*** Begin section ***

Lemma approx_kur_liminf C x : (forall y, 0 <= D y x) -> (forall n, C n !=set0) ->
  (forall e, 0 < e -> exists N, forall n, (N <= n)%N -> exists2 y, C n y & D y x < e) ->
  kur_liminf D C x.
Proof.
move=> D0 Cne approx.
pose dist n := [set D y x | y in C n].
have dist_inf n : has_inf (dist n).
  split; first by have [y Cy] := Cne n; exists (D y x), y.
  by exists 0 => _ [y _ <-].
have /choice [xs xsP] n : exists y, C n y /\ D y x < inf (dist n) + n.+1%:R^-1.
  have n0 : 0 < n.+1%:R^-1 :> R by rewrite invr_gt0.
  have [_ [y Cy <-] ?] := inf_adherent n0 (dist_inf n).
  by exists y.
exists xs; split=> [n|]; first by case: (xsP n).
apply/dconvP => e e0; have e2 : 0 < e / 2 by rewrite divr_gt0.
have [N HN] := approx _ e2; have [k ke] := ltr_add_invr e2; rewrite add0r in ke.
exists (maxn N k) => n; rewrite geq_max => /andP[Nn kn].
have [y Cy Dy] := HN n Nn; have [_ Dxs] := xsP n.
have infD : inf (dist n) <= D y x by apply: ge_inf; [case: (dist_inf n)|exists y].
have nk : n.+1%:R^-1 <= k.+1%:R^-1 :> R by rewrite lef_pV2 ?posrE ?ler_nat.
rewrite ger0_norm // [e]splitr; apply: lt_le_trans Dxs _.
by apply: lerD; [apply: le_trans infD (ltW Dy) | apply: le_trans nk (ltW ke)].
Qed.

Lemma kur_limsup_tail C (nj : nat -> nat) (xs : nat -> T) x J :
  (forall j, (nj j < nj j.+1)%N) -> (forall j, (J <= j)%N -> C (nj j) (xs j)) ->
  dconv D xs x -> kur_limsup D C x.
Proof.
move=> nj_incr Cxs /dconvP cvx.
exists (fun j => nj (j + J)%N), (fun j => xs (j + J)%N); split; [|split].
- by move=> j; rewrite addSn.
- by move=> j; apply: Cxs; rewrite leq_addl.
apply/dconvP => e /cvx [N HN]; exists N => n Nn.
by apply: HN; rewrite (leq_trans Nn) ?leq_addr.
Qed.

End kuratowski.

Arguments kur_liminf_approx {R T D C x}.
Arguments kur_limsup_tail {R T D C nj xs x J}.

Section compact_separable.
Context {R : realType} {X : metricType R}.
Lemma rank_orth (X Y : 'M[F]_n) I :
  X *m Y^T = 0 -> X *m cproj I = X -> Y *m cproj I = Y ->
  (\rank X + \rank Y <= #|I|)%N.
Proof.
move=> XY XI YI; set K := kermx X^T; set Pc := cproj (~: I).
have YK : (Y <= K *m cproj I)%MS.
  by rewrite -YI submxMr // sub_kermx -[Y]trmxK -trmx_mul XY trmx0.
have PcK : (Pc <= K :&: kermx (cproj I))%MS.
  rewrite sub_capmx !sub_kermx /Pc cprojM setIC setICr cproj0 eqxx andbT.
  by rewrite -tr_cproj -trmx_mul -XI -mulmxA cprojM setICr cproj0 mulmx0 trmx0.
have := mxrankS YK; have := mxrankS PcK; have := mxrank_mul_ker K (cproj I).
rewrite mxrank_ker mxrank_tr /Pc !rank_cproj.
have := cardsC I; have := rank_leq_col X; rewrite card_ord.
lia.
Qed.

End CoordinateProjection.

Section RankAndDistance.
Variables (F : fieldType) (n : nat).
Implicit Types (A B : 'M[F]_n) (I J : {set 'I_n}).

Lemma rank_mul_cproj_mindist A J :
  (n - #|J| < mindist A)%N -> \rank (A *m cproj F J) = \rank A.
Proof.
move=> dA; apply/eqP; rewrite eqn_leq mxrankM_maxl /=.
have kerAJ : (kermx (A *m cproj F J) <= kermx A)%MS.
  apply/row_subP => i; rewrite sub_kermx; set r := row i _.
  have rAJ : r *m A *m cproj F J = 0 by rewrite -mulmxA -row_mul mulmx_ker row0.
  apply/eqP; apply: (vanish_eq0 dA (submxMl _ _)) => j jJ.
  by have := congr1 (fun v : 'rV[F]_n => v 0 j) rAJ; rewrite mul_cproj !mxE jJ mulr1.
have := mxrankS kerAJ; rewrite !mxrank_ker.
have := rank_leq_col A; have := rank_leq_col (A *m cproj F J).
lia.
Qed.

Lemma rank_mul_cproj_dual B J :
  (#|J| < mindist (dual B))%N -> \rank (B *m cproj F J) = #|J|.
Proof.
move=> dB; apply/eqP; rewrite eqn_leq; apply/andP; split.
  by rewrite -[X in (_ <= X)%N](rank_cproj F J) mxrankM_maxr.
have kerBJ : (kermx (B *m cproj F J)^T <= kermx (cproj F J))%MS.
  apply/row_subP => i; rewrite sub_kermx; set r := row i _.
  have rBJ : r *m (B *m cproj F J)^T = 0 by rewrite -row_mul mulmx_ker row0.
  set z := r *m cproj F J.
  have zB : (z <= dual B)%MS by rewrite sub_kermx -mulmxA -tr_cproj -trmx_mul rBJ.
  have wz : (wt z <= #|J|)%N.
    apply: subset_leq_card; apply/subsetP => j; rewrite inE /z mul_cproj mxE.
    by case: (j \in J); rewrite ?mulr0 ?eqxx.
  apply/eqP; apply: contraTeq dB => z0; rewrite -leqNgt.
  exact: leq_trans (mindist_le zB z0) wz.
have := mxrankS kerBJ; rewrite !mxrank_ker mxrank_tr rank_cproj.
have := rank_leq_col (B *m cproj F J); have : (#|J| <= n)%N.
  by rewrite -[X in (_ <= X)%N]card_ord max_card.
lia.
Qed.

Lemma rank_mul_cproj_mindist_ge A I L :
  (L <= n)%N -> (#|I| <= L)%N -> (n - L < mindist A)%N ->
  (\rank A <= \rank (A *m cproj F I) + (L - #|I|))%N.
Proof.
move=> Ln IL dA.
have [K KI cK] : exists2 K : {set 'I_n}, K \subset ~: I & #|K| = (L - #|I|)%N.
  by apply: (exists_subset_card (X := ~: I)); have := cardsC I; rewrite card_ord; lia.
have IK : [disjoint I & K] by rewrite disjoint_sym -[I]setCK -subsets_disjoint.
have cIK : #|I :|: K| = L by rewrite cardsU (disjoint_setI0 IK) cards0 cK; lia.
rewrite -(rank_mul_cproj_mindist (J := I :|: K)) ?cIK //.
apply: leq_trans (rank_mul_cproj_subset _ (subsetUl I K)) _.
by rewrite setDUl setDv set0U (setDidPl _) ?cK // disjoint_sym.
Qed.

Lemma rank_mul_cproj_dual_ge B I :
  (minn #|I| (mindist (dual B)).-1 <= \rank (B *m cproj F I))%N.
Proof.
have [J JI cJ] := exists_subset_card (geq_minl #|I| (mindist (dual B)).-1).
rewrite -cJ -{1}(rank_mul_cproj_dual (B := B)); last first.
  by rewrite cJ (leq_ltn_trans (geq_minr _ _)) // ltn_predL mindist_gt0.
have -> : B *m cproj F J = B *m cproj F I *m cproj F J.
  by rewrite -mulmxA cprojM (setIidPr JI).
exact: mxrankM_maxl.
Qed.

(* Roos' argument: with I the support of c, the rows of A diag(c) and of
   B cproj(I) are orthogonal and supported on I, so their ranks add up to at
   most |I|; the distance of A bounds the first rank from below, the dual
   distance of B the second. *)
Lemma roos_bound A B (c : 'rV[F]_n) (L d : nat) :
  A *m diag_mx c *m B^T = 0 -> c != 0 -> (forall j, col j A != 0) ->
  (L <= n)%N -> (n - L < mindist A)%N -> (d <= mindist (dual B))%N ->
  (L + 2 <= \rank A + d)%N -> (L <= wt c)%N.
Proof.
move=> ADB c0 Acol Ln dA dB Ld; set I := [set j | c 0 j != 0].
rewrite leqNgt [wt c]/wt -/I; apply/negP => IL.
set X := A *m diag_mx c; set Y := B *m cproj F I.
have cI : diag_mx c *m cproj F I = diag_mx c.
  rewrite mul_cproj; apply/matrixP => i j; rewrite !mxE inE.
  case: (i =P j) => [<-|_]; last by rewrite mulr0n mul0r.
  by case: (c 0 i =P 0) => [->|_]; rewrite ?mul0r ?mulr1.
have rXY : (\rank X + \rank Y <= #|I|)%N.
  apply: rank_orth.
  - by rewrite trmx_mul tr_cproj mulmxA -(mulmxA A) cI.
  - by rewrite -mulmxA cI.
  - by rewrite -mulmxA cprojM setIid.
have rX : (\rank A <= \rank X + (L - #|I|))%N.
  by rewrite /X rank_mul_diag_supp rank_mul_cproj_mindist_ge // ltnW.
have rY : (minn #|I| (mindist (dual B)).-1 <= \rank Y)%N := rank_mul_cproj_dual_ge B I.
have [Id | dI] := leqP #|I| (mindist (dual B)).-1; last first.
  by move: rY; rewrite (minn_idPr (ltnW dI)); lia.
have /eqP : \rank X = 0%N by move: rY; rewrite (minn_idPl Id); lia.
rewrite mxrank_eq0 => /eqP X0.
have [j cj] := rV0Pn _ c0.
have : c 0 j *: col j A == 0.
  apply/eqP/colP => i; have := congr1 (fun M : 'M[F]_n => M i j) X0.
  by rewrite /X mul_mx_diag !mxE mulrC.
by rewrite scaler_eq0 (negbTE cj) (negbTE (Acol j)).
Qed.

End RankAndDistance.

Section Windows.
Variables (n : nat) (n_gt0 : (0 < n)%N).

Definition window (c : 'I_n) (L : nat) : {set 'I_n} :=
  [set i : 'I_n | ((i + n - c) %% n < L)%N].

Lemma hull_size_le (S : {set 'I_n}) : (hull_size S <= n)%N.
Proof.
have minn_le x y : (x <= n)%N -> (y <= n)%N -> (minn x y <= n)%N.
  by rewrite geq_min => ->.
apply: (big_ind (fun m => m <= n)%N (leqnn n) minn_le) => c _.
by apply: (big_ind (fun m => m <= n)%N (leqnn n) minn_le) => L _; rewrite -ltnS.
Qed.

Lemma hull_window (S : {set 'I_n}) : exists c, S \subset window c (hull_size S).
Proof.
have full c : S \subset window c n by apply/subsetP => i _; rewrite inE ltn_pmod.
apply: (big_ind (fun m => exists c, S \subset window c m)) => [|x y|c _].
- by exists (Ordinal n_gt0).
- by case: (leqP x y).
exists c; apply: (big_ind (fun m => S \subset window c m) (full c)) => // x y.
by case: (leqP x y).
Qed.

End Windows.

Section Vandermonde.
Variables (F : fieldType) (n : nat) (g : F).
Hypotheses (n_gt0 : (0 < n)%N) (g_prim : n.-primitive_root g).
Implicit Types (T J : {set 'I_n}).

Lemma Mx_entry T (u : 'rV[F]_n) j :
  (u *m Mx g T) 0 j = \sum_(i in T) u 0 i * g ^+ (i * j).
Proof.
rewrite mxE [RHS]big_mkcond; apply: eq_bigr => i _; rewrite mxE.
by case: ifP; rewrite ?mulr0.
Qed.

Lemma expr_ord_inj (i j : 'I_n) : g ^+ i = g ^+ j -> i = j.
Proof.
by move/eqP; rewrite (eq_prim_root_expr g_prim) !modn_small // => /eqP /val_inj.
Qed.

(* Up to the factor [g ^+ (j * (n - c))], the sum is [Q.[g ^+ j]] for a
   polynomial [Q] of size <= L, which thus has #|J| >= L distinct roots. *)
Lemma window_coefs_eq0 T c L (f : 'I_n -> F) J :
  T \subset window c L -> (L <= #|J|)%N ->
  (forall j, j \in J -> \sum_(s in T) f s * g ^+ (s * j) = 0) ->
  forall s, s \in T -> f s = 0.
Proof.
move=> Twin LJ fJ.
pose e (s : 'I_n) := ((s + n - c) %% n)%N.
have e_inj : injective e.
  move=> s s'; rewrite /e -!addnBA ?(ltnW (ltn_ord c)) // => /eqP.
  by rewrite eqn_modDr !modn_small // => /eqP /val_inj.
pose Q : {poly F} := \sum_(s in T) f s *: 'X^(e s).
have coefQ m : Q`_m = \sum_(s in T) f s * (m == e s)%:R.
  by rewrite coef_sum; apply: eq_bigr => s _; rewrite coefZ coefXn.
have sizeQ : (size Q <= L)%N.
  apply/leq_sizeP => m Lm; rewrite coefQ big1 // => s sT.
  have : (e s < L)%N by have := subsetP Twin s sT; rewrite inE.
  by case: eqP => [<-|_]; rewrite ?mulr0 // ltnNge Lm.
have rootQ j : j \in J -> Q.[g ^+ j] = 0.
  move=> jJ; rewrite horner_sum.
  rewrite (eq_bigr (fun s => g ^+ (j * (n - c)) * (f s * g ^+ (s * j)))).
    by rewrite -mulr_sumr fJ // mulr0.
  move=> s _; rewrite hornerZ hornerXn -exprM mulrCA -exprD.
  congr (_ * _); rewrite -(prim_expr_mod g_prim) -[RHS](prim_expr_mod g_prim).
  congr (g ^+ _); rewrite /e -addnBA ?(ltnW (ltn_ord c)) //.
  by rewrite modnMmr mulnDr addnC (mulnC j s).
have Q0 : Q = 0.
  apply/eqP; apply: contraT => Q_neq0.
  pose rs := [seq g ^+ j | j : 'I_n <- enum J].
  have := max_poly_roots Q_neq0 (rs := rs).
  have -> : all (root Q) rs.
    by apply/allP => x /mapP [j]; rewrite mem_enum => jJ ->; apply/rootP/rootQ.
  have -> : uniq rs.
    by rewrite map_inj_in_uniq ?enum_uniq // => x y _ _ /expr_ord_inj.
  rewrite size_map -cardE => /(_ isT isT) JQ.
  by have := leq_trans JQ (leq_trans sizeQ LJ); rewrite ltnn.
move=> s sT; have := coefQ (e s); rewrite Q0 coef0 (bigD1 s) //= eqxx mulr1.
rewrite big1 ?addr0 // => s' /andP [_ s's].
by case: eqP => [/e_inj es|_]; [rewrite es eqxx in s's | rewrite mulr0].
Qed.

Lemma rank_Mx T : \rank (Mx g T) = #|T|.
Proof.
rewrite -(rank_cproj F T); apply/eqP; rewrite eqn_leq; apply/andP; split.
  have -> : Mx g T = cproj F T *m Mx g T.
    apply/matrixP => i j; rewrite /cproj mul_diag_mx !mxE.
    by case: ifP; rewrite ?mul1r ?mul0r.
  exact: mxrankM_maxl.
have kerT : (kermx (Mx g T) <= kermx (cproj F T))%MS.
  apply/row_subP => i; rewrite sub_kermx; set r := row i _.
  have rT : r *m Mx g T = 0 by rewrite -row_mul mulmx_ker row0.
  have Twin : T \subset window (Ordinal n_gt0) n.
    by apply/subsetP => k _; rewrite inE ltn_pmod.
  have r0 : forall s, s \in T -> r 0 s = 0.
    apply: (window_coefs_eq0 Twin (J := setT)); first by rewrite cardsT card_ord.
    by move=> j _; rewrite -Mx_entry rT mxE.
  rewrite mul_cproj; apply/eqP/rowP => j; rewrite mxE [RHS]mxE.
  by case: (boolP (j \in T)) => jT; [rewrite r0 ?mul0r | rewrite mulr0].
have := mxrankS kerT; rewrite !mxrank_ker.
have := rank_leq_col (Mx g T); have := rank_leq_col (cproj F T).
lia.
Qed.

Lemma mindist_Mx_window T c L :
  T \subset window c L -> (n - L < mindist (Mx g T))%N.
Proof.
move=> Twin; apply: mindist_ge; first by rewrite ltnS leq_subr.
move=> x /submxP [u ->] x0; set Z := [set j | (u *m Mx g T) 0 j == 0].
have ZL : (#|Z| < L)%N.
  rewrite ltnNge; apply: contra x0 => LZ; apply/eqP/rowP => j.
  rewrite Mx_entry mxE big1 // => s sT.
  rewrite (window_coefs_eq0 Twin LZ _ sT) ?mul0r // => k.
  by rewrite inE -Mx_entry => /eqP.
by move: ZL; rewrite card_zeros; have := wt_le (u *m Mx g T); have := wt_gt0 x0; lia.
Qed.

Lemma col_Mx_neq0 T j : T != set0 -> col j (Mx g T) != 0.
Proof.
move=> /set0Pn [s sT]; have g_neq0 : g != 0 by rewrite (prim_root_eq0 g_prim) -lt0n.
apply: contraNneq (expf_neq0 (s * j) g_neq0) => /colP/(_ s).
by rewrite !mxE sT => ->.
Qed.

End Vandermonde.

Section ComponentwiseProduct.
Variables (F : fieldType) (n : nat).
Implicit Types (X Y : 'M[F]_n).

Lemma rowprod_sub_cprod X Y i j : (rowprod (row i X) (row j Y) <= cprod X Y)%MS.
Proof.
by rewrite /cprod (sumsmx_sup i) // (sumsmx_sup j) ?genmxE.
Qed.

Lemma cprod_orth X Y (c : 'rV[F]_n) :
  (c <= dual (cprod X Y))%MS -> X *m diag_mx c *m Y^T = 0.
Proof.
move=> /sub_kermxP cXY; apply/matrixP => i j.
have orth : c *m (rowprod (row i X) (row j Y))^T = 0.
  have /submxP [W ->] := rowprod_sub_cprod X Y i j.
  by rewrite trmx_mul mulmxA cXY mul0mx.
transitivity ((c *m (rowprod (row i X) (row j Y))^T) 0 0); last by rewrite orth !mxE.
rewrite !mxE; apply: eq_bigr => k _.
by rewrite mul_mx_diag !mxE -mulrA mulrCA.
Qed.

Lemma cprod_orthS X Y X' Y' (c : 'rV[F]_n) :
  (c <= dual (cprod X Y))%MS -> (X' <= X)%MS -> (Y' <= Y)%MS ->
  X' *m diag_mx c *m Y'^T = 0.
Proof.
move=> /cprod_orth XY0 /submxP [W ->] /submxP [V ->].
by rewrite trmx_mul -!mulmxA (mulmxA X) (mulmxA (X *m _)) XY0 mul0mx mulmx0.
Qed.

End ComponentwiseProduct.

Section CyclotomicCodes.
Variables (F : fieldType) (n : nat) (g : F).
Hypotheses (n_gt0 : (0 < n)%N) (g_prim : n.-primitive_root g).
Implicit Types (S R T U : {set 'I_n}).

*** End section ***

### EXERCISE
Look above for the line containing "have [y Cy Dy]" and the line containing "Lemma kur_limsup_tail C". Transcribe both, with the lines between them, exactly.

### YOUR RESPONSE
have [y Cy Dy] := HN n Nn; have [_ Dxs] := xsP n.
have infD : inf (dist n) <= D y x by apply: ge_inf; [case: (dist_inf n)|exists y].
have nk : n.+1%:R^-1 <= k.+1%:R^-1 :> R by rewrite lef_pV2 ?posrE ?ler_nat.
rewrite ger0_norm // [e]splitr; apply: lt_le_trans Dxs _.
by apply: lerD; [apply: le_trans infD (ltW Dy) | apply: le_trans nk (ltW ke)].
Qed.

Lemma kur_limsup_tail C (nj : nat -> nat) (xs : nat -> T) x J :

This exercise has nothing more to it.